Source records:
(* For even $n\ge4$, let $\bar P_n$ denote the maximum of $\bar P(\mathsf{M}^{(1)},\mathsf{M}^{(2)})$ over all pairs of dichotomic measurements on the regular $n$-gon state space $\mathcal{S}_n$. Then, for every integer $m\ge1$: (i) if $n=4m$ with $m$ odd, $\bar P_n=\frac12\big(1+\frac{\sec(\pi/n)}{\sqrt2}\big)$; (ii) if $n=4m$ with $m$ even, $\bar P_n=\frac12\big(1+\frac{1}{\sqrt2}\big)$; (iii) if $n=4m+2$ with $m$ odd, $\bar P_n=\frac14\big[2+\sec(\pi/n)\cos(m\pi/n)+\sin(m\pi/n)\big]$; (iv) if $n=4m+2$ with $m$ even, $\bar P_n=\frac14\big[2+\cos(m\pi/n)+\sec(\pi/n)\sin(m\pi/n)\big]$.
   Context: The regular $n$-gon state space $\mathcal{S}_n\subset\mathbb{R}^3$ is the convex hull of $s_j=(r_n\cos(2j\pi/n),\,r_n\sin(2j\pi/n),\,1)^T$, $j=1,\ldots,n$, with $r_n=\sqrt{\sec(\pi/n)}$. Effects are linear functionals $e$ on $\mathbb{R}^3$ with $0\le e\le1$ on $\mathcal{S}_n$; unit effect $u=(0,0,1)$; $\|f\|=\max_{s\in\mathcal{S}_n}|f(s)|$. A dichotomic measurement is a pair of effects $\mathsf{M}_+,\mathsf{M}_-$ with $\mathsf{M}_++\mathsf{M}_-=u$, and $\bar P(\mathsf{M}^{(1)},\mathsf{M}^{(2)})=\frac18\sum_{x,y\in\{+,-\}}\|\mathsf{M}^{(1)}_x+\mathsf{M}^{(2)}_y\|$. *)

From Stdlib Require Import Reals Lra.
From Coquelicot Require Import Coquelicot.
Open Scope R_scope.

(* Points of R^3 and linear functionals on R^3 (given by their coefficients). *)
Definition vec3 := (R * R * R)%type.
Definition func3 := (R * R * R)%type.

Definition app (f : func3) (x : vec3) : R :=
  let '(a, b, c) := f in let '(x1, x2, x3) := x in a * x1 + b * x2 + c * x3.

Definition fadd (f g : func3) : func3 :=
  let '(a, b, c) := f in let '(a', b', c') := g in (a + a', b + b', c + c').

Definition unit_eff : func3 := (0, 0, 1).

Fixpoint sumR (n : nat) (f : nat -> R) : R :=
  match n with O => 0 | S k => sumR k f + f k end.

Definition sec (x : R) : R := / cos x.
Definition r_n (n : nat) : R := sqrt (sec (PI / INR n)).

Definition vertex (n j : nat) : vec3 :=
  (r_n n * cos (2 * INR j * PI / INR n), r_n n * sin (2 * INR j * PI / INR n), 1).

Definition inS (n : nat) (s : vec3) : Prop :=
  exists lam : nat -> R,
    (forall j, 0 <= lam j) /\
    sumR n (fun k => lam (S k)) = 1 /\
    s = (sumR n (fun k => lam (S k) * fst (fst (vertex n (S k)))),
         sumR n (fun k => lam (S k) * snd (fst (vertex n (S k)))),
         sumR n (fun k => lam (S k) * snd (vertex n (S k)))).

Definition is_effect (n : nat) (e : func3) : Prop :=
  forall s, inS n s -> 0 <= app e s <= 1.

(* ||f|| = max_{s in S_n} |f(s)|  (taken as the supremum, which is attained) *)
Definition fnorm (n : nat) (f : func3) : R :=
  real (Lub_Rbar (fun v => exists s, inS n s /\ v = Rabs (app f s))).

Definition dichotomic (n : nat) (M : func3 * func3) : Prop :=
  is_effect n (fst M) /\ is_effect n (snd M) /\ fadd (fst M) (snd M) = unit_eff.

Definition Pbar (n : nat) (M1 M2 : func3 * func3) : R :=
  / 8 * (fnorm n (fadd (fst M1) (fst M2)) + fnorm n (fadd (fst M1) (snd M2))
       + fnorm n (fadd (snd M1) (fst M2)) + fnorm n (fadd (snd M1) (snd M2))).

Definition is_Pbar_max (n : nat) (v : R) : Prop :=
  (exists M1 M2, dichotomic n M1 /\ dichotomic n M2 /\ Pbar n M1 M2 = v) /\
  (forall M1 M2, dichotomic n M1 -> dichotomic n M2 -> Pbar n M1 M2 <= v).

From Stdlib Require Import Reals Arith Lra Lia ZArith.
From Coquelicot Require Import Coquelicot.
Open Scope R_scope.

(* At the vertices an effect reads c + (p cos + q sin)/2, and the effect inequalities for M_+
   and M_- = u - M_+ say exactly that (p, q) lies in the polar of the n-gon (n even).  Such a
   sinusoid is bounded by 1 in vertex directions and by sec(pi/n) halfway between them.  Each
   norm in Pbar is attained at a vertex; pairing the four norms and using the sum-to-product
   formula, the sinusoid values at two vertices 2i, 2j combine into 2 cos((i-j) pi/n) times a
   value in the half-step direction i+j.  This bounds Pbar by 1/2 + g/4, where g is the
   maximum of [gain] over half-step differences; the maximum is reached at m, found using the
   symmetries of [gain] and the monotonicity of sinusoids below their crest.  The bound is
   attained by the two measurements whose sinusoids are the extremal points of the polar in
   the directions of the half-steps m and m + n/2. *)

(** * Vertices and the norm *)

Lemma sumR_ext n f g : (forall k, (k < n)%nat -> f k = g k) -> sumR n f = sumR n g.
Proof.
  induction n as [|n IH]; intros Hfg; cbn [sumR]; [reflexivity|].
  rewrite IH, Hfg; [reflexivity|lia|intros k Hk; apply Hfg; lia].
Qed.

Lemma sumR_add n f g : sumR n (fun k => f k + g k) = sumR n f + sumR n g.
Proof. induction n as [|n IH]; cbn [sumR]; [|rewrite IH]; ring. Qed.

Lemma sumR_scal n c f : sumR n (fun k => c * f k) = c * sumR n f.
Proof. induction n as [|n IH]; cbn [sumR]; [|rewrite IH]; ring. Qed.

Description of the task:
Lines with the word "fnorm" in them should be copied from the preceding records.

Solution:
Definition fnorm (n : nat) (f : func3) : R :=
  / 8 * (fnorm n (fadd (fst M1) (fst M2)) + fnorm n (fadd (fst M1) (snd M2))
       + fnorm n (fadd (snd M1) (fst M2)) + fnorm n (fadd (snd M1) (snd M2))).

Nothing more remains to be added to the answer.